** Data shown follows **

(* Lower bounds come from apolarity.  For a sextic h(a,b) let <h, .> be the
   linear functional on binary sextics with <h, (a x + b y)^6> = h(a,b).  If
   p = sum_j l_j (a_j x + b_j y)^6 and h >= 0 vanishes at every node (a_j,b_j)
   with l_j > 0, then <h, p> = sum_j l_j h(a_j,b_j) <= 0.  Taking h = g^2 for
   a binary cubic g through the positive nodes, a representation of r_l with
   exactly k positive terms is excluded as soon as such a g has <g^2, r_l> > 0; this
   is arranged for k = 0 (g = a^3), for k = 1 when l < 1/5, and for k = 2 on
   honest representations of r_0 (g = the product of the two linear forms
   vanishing at the nodes times a well chosen linear form).
   Since r_l(y,x) = - r_l(x,y), exchanging x and y swaps the positive and the
   negative terms of a representation, so the same bounds hold for negative
   terms.  They are attained by honest representations made of antisymmetric
   pairs c (a x + b y)^6 - c (b x + a y)^6; for 0 < l < 1/5 the two pairs are
   found by inverting a |-> a + 1/a.  A badge of B(p) that is below every
   badge of B(p) is the unique signature of p, which gives the theorem. *)

From Stdlib Require Import Reals Lra Lia Psatz List.
Import ListNotations.
Open Scope R_scope.

Lemma pow2_pos (x : R) : x <> 0 -> 0 < x^2.
Proof. intros Hx. simpl. rewrite Rmult_1_r. apply Rsqr_pos_lt, Hx. Qed.

Lemma fold_sum_nonpos {A : Type} (w : A -> R) (L : list A) :
  (forall t, In t L -> w t <= 0) -> fold_right (fun t s => w t + s) 0 L <= 0.
Proof.
  induction L as [|t L IH]; simpl; intros Hw; [lra|].
  assert (w t <= 0) by auto.
  assert (fold_right (fun t s => w t + s) 0 L <= 0) by auto.
  lra.
Qed.

Record sextic := Sextic { h0 : R; h1 : R; h2 : R; h3 : R; h4 : R; h5 : R; h6 : R }.

Definition sextic_val (h : sextic) (a b : R) : R :=
  h0 h * a^6 + h1 h * a^5 * b + h2 h * a^4 * b^2 + h3 h * a^3 * b^3
  + h4 h * a^2 * b^4 + h5 h * a * b^5 + h6 h * b^6.

Record cubic := Cubic { g0 : R; g1 : R; g2 : R; g3 : R }.

Definition cubic_val (g : cubic) (a b : R) : R :=
  g0 g * a^3 + g1 g * a^2 * b + g2 g * a * b^2 + g3 g * b^3.

Definition cubic_sq (g : cubic) : sextic :=
  Sextic (g0 g ^ 2) (2 * g0 g * g1 g) (2 * g0 g * g2 g + g1 g ^ 2)
    (2 * g0 g * g3 g + 2 * g1 g * g2 g) (2 * g1 g * g3 g + g2 g ^ 2)
    (2 * g2 g * g3 g) (g3 g ^ 2).

Lemma cubic_sq_val (g : cubic) (a b : R) :
  sextic_val (cubic_sq g) a b = cubic_val g a b ^ 2.
Proof. unfold sextic_val, cubic_val; simpl; ring. Qed.

(* A sextic form is determined by its values at
   the seven points (1,k), -3 <= k <= 3, so <h, .> can be written as a
   combination of these values; the weights are chosen so that
   <h, (a x + b y)^6> = h(a,b) (apolar_term). *)
Definition apolar (h : sextic) (f : binform) : R :=
  let '(Sextic c0 c1 c2 c3 c4 c5 c6) := h in
    ((-1/360)*c1 + (1/2700)*c2 + (1/960)*c3 + (-1/2160)*c4 + (-1/1440)*c5 + (1/720)*c6) * f 1 (-3)
  + ((1/40)*c1 + (-1/200)*c2 + (-1/120)*c3 + (1/180)*c4 + (1/360)*c5 + (-1/120)*c6) * f 1 (-2)
  + ((-1/8)*c1 + (1/20)*c2 + (13/960)*c3 + (-13/720)*c4 + (-1/288)*c5 + (1/48)*c6) * f 1 (-1)
  + (c0 + (-49/540)*c2 + (7/270)*c4 + (-1/36)*c6) * f 1 0
  + ((1/8)*c1 + (1/20)*c2 + (-13/960)*c3 + (-13/720)*c4 + (1/288)*c5 + (1/48)*c6) * f 1 1
  + ((-1/40)*c1 + (-1/200)*c2 + (1/120)*c3 + (1/180)*c4 + (-1/360)*c5 + (-1/120)*c6) * f 1 2
  + ((1/360)*c1 + (1/2700)*c2 + (-1/960)*c3 + (-1/2160)*c4 + (1/1440)*c5 + (1/720)*c6) * f 1 3.

Lemma apolar_ext (h : sextic) (f f' : binform) :
  (forall x y, f x y = f' x y) -> apolar h f = apolar h f'.
Proof. intros Hff'. destruct h; simpl. rewrite !Hff'. reflexivity. Qed.

Lemma apolar_term (h : sextic) (t : term) :
  apolar h (term_val t) = lam t * sextic_val h (alp t) (bet t).
Proof. destruct h; unfold apolar, term_val, sextic_val; simpl; field. Qed.

Lemma apolar_rep_val (h : sextic) (L : list term) :
  apolar h (rep_val L) =
  fold_right (fun t s => lam t * sextic_val h (alp t) (bet t) + s) 0 L.
Proof.
  induction L as [|t L IH]; simpl.
  - destruct h; unfold rep_val; simpl; ring.
  - rewrite <- IH, <- apolar_term. destruct h; unfold rep_val; simpl; ring.
Qed.

Definition pos_part (L : list term) : list term :=
  filter (fun t => if Rlt_dec 0 (lam t) then true else false) L.

Lemma in_pos_part (t : term) (L : list term) : In t L -> 0 < lam t -> In t (pos_part L).
Proof.
  intros Hin Hpos. apply filter_In. split; [exact Hin|].
  destruct (Rlt_dec 0 (lam t)); [reflexivity | contradiction].
Qed.

Lemma apolar_rep_nonpos (p : binform) (L : list term) (h : sextic) :
  is_rep p L -> (forall a b, 0 <= sextic_val h a b) ->
  (forall t, In t (pos_part L) -> sextic_val h (alp t) (bet t) = 0) ->
  apolar h p <= 0.
Proof.
  intros [Hnz Hval] Hnonneg Hvanish.
  rewrite (apolar_ext h p (rep_val L) Hval), apolar_rep_val.
  apply fold_sum_nonpos. intros t Hin.
  rewrite Forall_forall in Hnz. specialize (Hnz t Hin).
  destruct (Rlt_dec 0 (lam t)) as [Hpos|Hpos].
  - rewrite (Hvanish t (in_pos_part t L Hin Hpos)). lra.
  - specialize (Hnonneg (alp t) (bet t)). nra.
Qed.

(* The quadratic form g |-> <g^2, r_l> on cubics. *)
Definition r_pairing (l : R) (g : cubic) : R :=
  g0 g ^ 2 + (l - 1/5) * (2 * g0 g * g2 g + g1 g ^ 2)
  + (1/5 - l) * (2 * g1 g * g3 g + g2 g ^ 2) - g3 g ^ 2.

Lemma apolar_r_lam (l : R) (g : cubic) : apolar (cubic_sq g) (r_lam l) = r_pairing l g.
Proof. unfold apolar, cubic_sq, r_lam, r_pairing; simpl; field. Qed.

Lemma r_lam_obstruction (l : R) (L : list term) (g : cubic) :
  is_rep (r_lam l) L ->
  (forall t, In t (pos_part L) -> cubic_val g (alp t) (bet t) = 0) ->
  r_pairing l g <= 0.
Proof.
  intros Hrep Hvanish. rewrite <- apolar_r_lam.
  apply (apolar_rep_nonpos _ L); [exact Hrep | |].
  - intros a b. rewrite cubic_sq_val. apply pow2_ge_0.
  - intros t Hin. rewrite cubic_sq_val, (Hvanish t Hin). ring.
Qed.

Lemma witness_one (l a b : R) :
  l < 1/5 -> exists g, cubic_val g a b = 0 /\ 0 < r_pairing l g.
Proof.
  intros Hl. destruct (Req_dec a 0) as [->|Ha].
  - exists (Cubic 1 0 0 0). unfold cubic_val, r_pairing; simpl. split; [ring | lra].
  - exists (Cubic (b^2) 0 (- a^2) 0). unfold cubic_val, r_pairing; simpl. split; [ring|].
    assert (0 < a^2) by (apply pow2_pos, Ha).
    assert (0 < (1/5 - l) * (a^2 * a^2)) by (apply Rmult_lt_0_compat; nra).
    assert (0 <= (1/5 - l) * (a^2 * b^2)) by (apply Rmult_le_pos; nra).
    assert (0 <= b^2 * b^2) by nra.
    nra.
Qed.

Lemma quadratic_form_positive (A B C : R) :
  A * C < B^2 -> exists s t, 0 < A * s^2 + 2 * B * s * t + C * t^2.
Proof.
  intros Hdisc. destruct (Rlt_dec 0 A) as [HA|HA].
  - exists 1, 0. lra.
  - destruct (Req_dec A 0) as [->|HA0].
    + assert (HB : B <> 0) by (intros ->; nra).
      exists ((1 - C) / (2 * B)), 1.
      replace (0 * ((1 - C) / (2 * B))^2 + 2 * B * ((1 - C) / (2 * B)) * 1 + C * 1^2)
        with 1 by (field; exact HB).
      lra.
    + exists (- B), A. nra.
Qed.

(* For a quadratic q = c0 a^2 + c1 a b + c2 b^2 with distinct real roots,
   (s,t) |-> 5 <(q (s a + t b))^2, r_0> is the form with coefficients
   A = 5c0^2 - 2c0c2 - c1^2 + c2^2, B = 2c1(c2 - c0),
   C = -c0^2 + 2c0c2 + c1^2 - 5c2^2; it satisfies A C < B^2 because
   B^2 - A C = (c1^2 - 4c0c2 - (c2-c0)^2)^2 + 4 (c2-c0)^4. *)
Lemma linear_extension_discriminant (c0 c1 c2 : R) :
  0 < c1^2 - 4 * c0 * c2 ->
  (5*c0^2 - 2*c0*c2 - c1^2 + c2^2) * (- c0^2 + 2*c0*c2 + c1^2 - 5*c2^2)
  < (2 * c1 * (c2 - c0))^2.
Proof.
  intros HD.
  assert (Hid : (2 * c1 * (c2 - c0))^2
      - (5*c0^2 - 2*c0*c2 - c1^2 + c2^2) * (- c0^2 + 2*c0*c2 + c1^2 - 5*c2^2)
    = (c1^2 - 4*c0*c2 - (c2 - c0)^2)^2 + 4 * ((c2 - c0)^2)^2) by ring.
  destruct (Req_dec (c2 - c0) 0) as [He|He].
  - assert (0 < (c1^2 - 4*c0*c2 - (c2 - c0)^2)^2) by (apply pow_lt; rewrite He; nra).
    assert (0 <= ((c2 - c0)^2)^2) by apply pow2_ge_0.
    lra.
  - assert (0 < ((c2 - c0)^2)^2) by (apply pow_lt, pow2_pos, He).
    assert (0 <= (c1^2 - 4*c0*c2 - (c2 - c0)^2)^2) by apply pow2_ge_0.
    lra.
Qed.

(* Some cubic through two non-proportional nodes pairs positively with r_0:
   (b1 a - a1 b)(b2 a - a2 b)(s a + t b) for suitable s, t. *)
Lemma witness_two (a1 b1 a2 b2 : R) :
  a1 * b2 - a2 * b1 <> 0 ->
  exists g, cubic_val g a1 b1 = 0 /\ cubic_val g a2 b2 = 0 /\ 0 < r_pairing 0 g.
Proof.
  intros Hdet.
  set (c0 := b1 * b2). set (c1 := - (b1 * a2 + a1 * b2)). set (c2 := a1 * a2).
  assert (Hdisc : 0 < c1^2 - 4 * c0 * c2).
  { replace (c1^2 - 4 * c0 * c2) with ((a1 * b2 - a2 * b1)^2) by (unfold c0, c1, c2; ring).
    apply pow2_pos, Hdet. }
  destruct (quadratic_form_positive _ _ _ (linear_extension_discriminant c0 c1 c2 Hdisc))
    as [s [t Hst]].
  exists (Cubic (s * c0) (s * c1 + t * c0) (s * c2 + t * c1) (t * c2)).
  split; [|split]; unfold cubic_val, r_pairing, c0, c1, c2 in *; simpl; [ring | ring | nra].
Qed.

Lemma ForallOrdPairs_filter {A : Type} (P : A -> A -> Prop) (f : A -> bool) (L : list A) :
  ForallOrdPairs P L -> ForallOrdPairs P (filter f L).
Proof.
  induction 1 as [|t L Ht HL IH]; simpl; [constructor|].
  destruct (f t); [|exact IH].
  constructor; [|exact IH].
  rewrite Forall_forall in *. intros u Hu. apply filter_In in Hu. apply Ht, Hu.
Qed.

Lemma npos_ge_1 (l : R) (L : list term) : is_rep (r_lam l) L -> (1 <= npos L)%nat.
Proof.
  intros Hrep. change (1 <= length (pos_part L))%nat.
  destruct (pos_part L) as [|t P] eqn:E; simpl; [exfalso | lia].
  enough (r_pairing l (Cubic 1 0 0 0) <= 0) by (unfold r_pairing in *; simpl in *; lra).
  apply (r_lam_obstruction l L); [exact Hrep|]. rewrite E. intros t [].
Qed.

Lemma npos_ge_2 (l : R) (L : list term) :
  l < 1/5 -> is_rep (r_lam l) L -> (2 <= npos L)%nat.
Proof.
  intros Hl Hrep. pose proof (npos_ge_1 l L Hrep) as H1.
  change (1 <= length (pos_part L))%nat in H1. change (2 <= length (pos_part L))%nat.
  destruct (pos_part L) as [|t [|t' P]] eqn:E; simpl in *; [lia | exfalso | lia].
  destruct (witness_one l (alp t) (bet t) Hl) as [g [Hg Hpos]].
  enough (r_pairing l g <= 0) by lra.
  apply (r_lam_obstruction l L); [exact Hrep|]. rewrite E. intros u [<-|[]]. exact Hg.
Qed.

Lemma npos_ge_3 (L : list term) : is_rep (r_lam 0) L -> honest L -> (3 <= npos L)%nat.
Proof.
  intros Hrep Hh. pose proof (npos_ge_2 0 L ltac:(lra) Hrep) as H2.
  pose proof (ForallOrdPairs_filter _ (fun t => if Rlt_dec 0 (lam t) then true else false) L Hh)
    as Hhpos.
  fold (pos_part L) in Hhpos.
  change (2 <= length (pos_part L))%nat in H2. change (3 <= length (pos_part L))%nat.
  destruct (pos_part L) as [|t1 [|t2 [|t3 P]]] eqn:E; simpl in *; [lia | lia | exfalso | lia].
  (* the two positive nodes are not proportional *)
  inversion Hhpos as [|? ? Hfirst]; subst. inversion Hfirst; subst.
  destruct (witness_two (alp t1) (bet t1) (alp t2) (bet t2)) as [g [Hg1 [Hg2 Hpos]]];
    [assumption|].
  enough (r_pairing 0 g <= 0) by lra.
  apply (r_lam_obstruction 0 L); [exact Hrep|]. rewrite E. intros u [<-|[<-|[]]]; assumption.
Qed.

Lemma unique_signature_of_lower_bounds (p : binform) (u v : nat) :
  in_badges p u v ->
  (forall L, is_rep p L -> honest L -> (u <= npos L)%nat /\ (v <= nneg L)%nat) ->
  unique_signature p u v.
Proof.
  intros Hbadge Hlow. split; [split|].
  - exact Hbadge.
  - intros a b [L [Hrep [Hh [<- <-]]]] Ha Hb. destruct (Hlow L Hrep Hh). lia.
  - intros a b [[L [Hrep [Hh [<- <-]]]] Hmin].
    destruct (Hlow L Hrep Hh). destruct (Hmin u v Hbadge); lia.
Qed.

(* Exchanging x and y: the term l (a x + b y)^6 becomes -l (b x + a y)^6
   when the represented form changes sign. *)
Definition swap_term (t : term) : term := (- lam t, bet t, alp t).

Lemma swap_rep_val (L : list term) (x y : R) :
  rep_val (map swap_term L) x y = - rep_val L y x.
Proof.
  induction L as [|t L IH]; unfold rep_val in *; simpl; [ring|].
  rewrite IH. unfold term_val, swap_term, lam, alp, bet; simpl. ring.
Qed.

Definition antisymmetric (p : binform) : Prop := forall x y, p y x = - p x y.

Lemma r_lam_antisymmetric (l : R) : antisymmetric (r_lam l).
Proof. intros x y. unfold r_lam. ring. Qed.

Lemma swap_is_rep (p : binform) (L : list term) :
  antisymmetric p -> is_rep p L -> is_rep p (map swap_term L).
Proof.
  intros Hanti [Hnz Hval]. split.
  - apply Forall_map. eapply Forall_impl; [|exact Hnz].
    intros t Ht. unfold swap_term, lam at 1; simpl. lra.
  - intros x y. rewrite swap_rep_val, <- Hval, Hanti. ring.
Qed.

Lemma swap_honest (L : list term) : honest L -> honest (map swap_term L).
Proof.
  unfold honest. induction 1 as [|t L Ht HL IH]; simpl; constructor; [|exact IH].
  apply Forall_map. eapply Forall_impl; [|exact Ht].
  intros u Hu. unfold swap_term, alp, bet in *; simpl. lra.
Qed.

Lemma npos_swap (L : list term) : npos (map swap_term L) = nneg L.
Proof.
  induction L as [|t L IH]; [reflexivity|].
  unfold npos, nneg in *; simpl.
  destruct (Rlt_dec 0 (lam (swap_term t))) as [H1|H1];
  destruct (Rlt_dec (lam t) 0) as [H2|H2]; unfold swap_term, lam at 1 in H1; simpl in H1;
    try lra; simpl; rewrite ?IH; reflexivity.
Qed.

Lemma antisymmetric_unique_signature (p : binform) (k : nat) :
  antisymmetric p -> in_badges p k k ->
  (forall L, is_rep p L -> honest L -> (k <= npos L)%nat) ->
  unique_signature p k k.
Proof.
  intros Hanti Hbadge Hlow. apply unique_signature_of_lower_bounds; [exact Hbadge|].
  intros L Hrep Hh. split; [auto|].
  rewrite <- npos_swap. apply Hlow; [apply swap_is_rep | apply swap_honest]; assumption.
Qed.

** End of Data shown **

:: What this task involves ::
Each line in which the string "binform" is found must be copied from the data.

:: Final answer ::
Definition apolar (h : sextic) (f : binform) : R :=
Lemma apolar_ext (h : sextic) (f f' : binform) :
Lemma apolar_rep_nonpos (p : binform) (L : list term) (h : sextic) :
Lemma unique_signature_of_lower_bounds (p : binform) (u v : nat) :
Definition antisymmetric (p : binform) : Prop := forall x y, p y x = - p x y.
Lemma swap_is_rep (p : binform) (L : list term) :
Lemma antisymmetric_unique_signature (p : binform) (k : nat) :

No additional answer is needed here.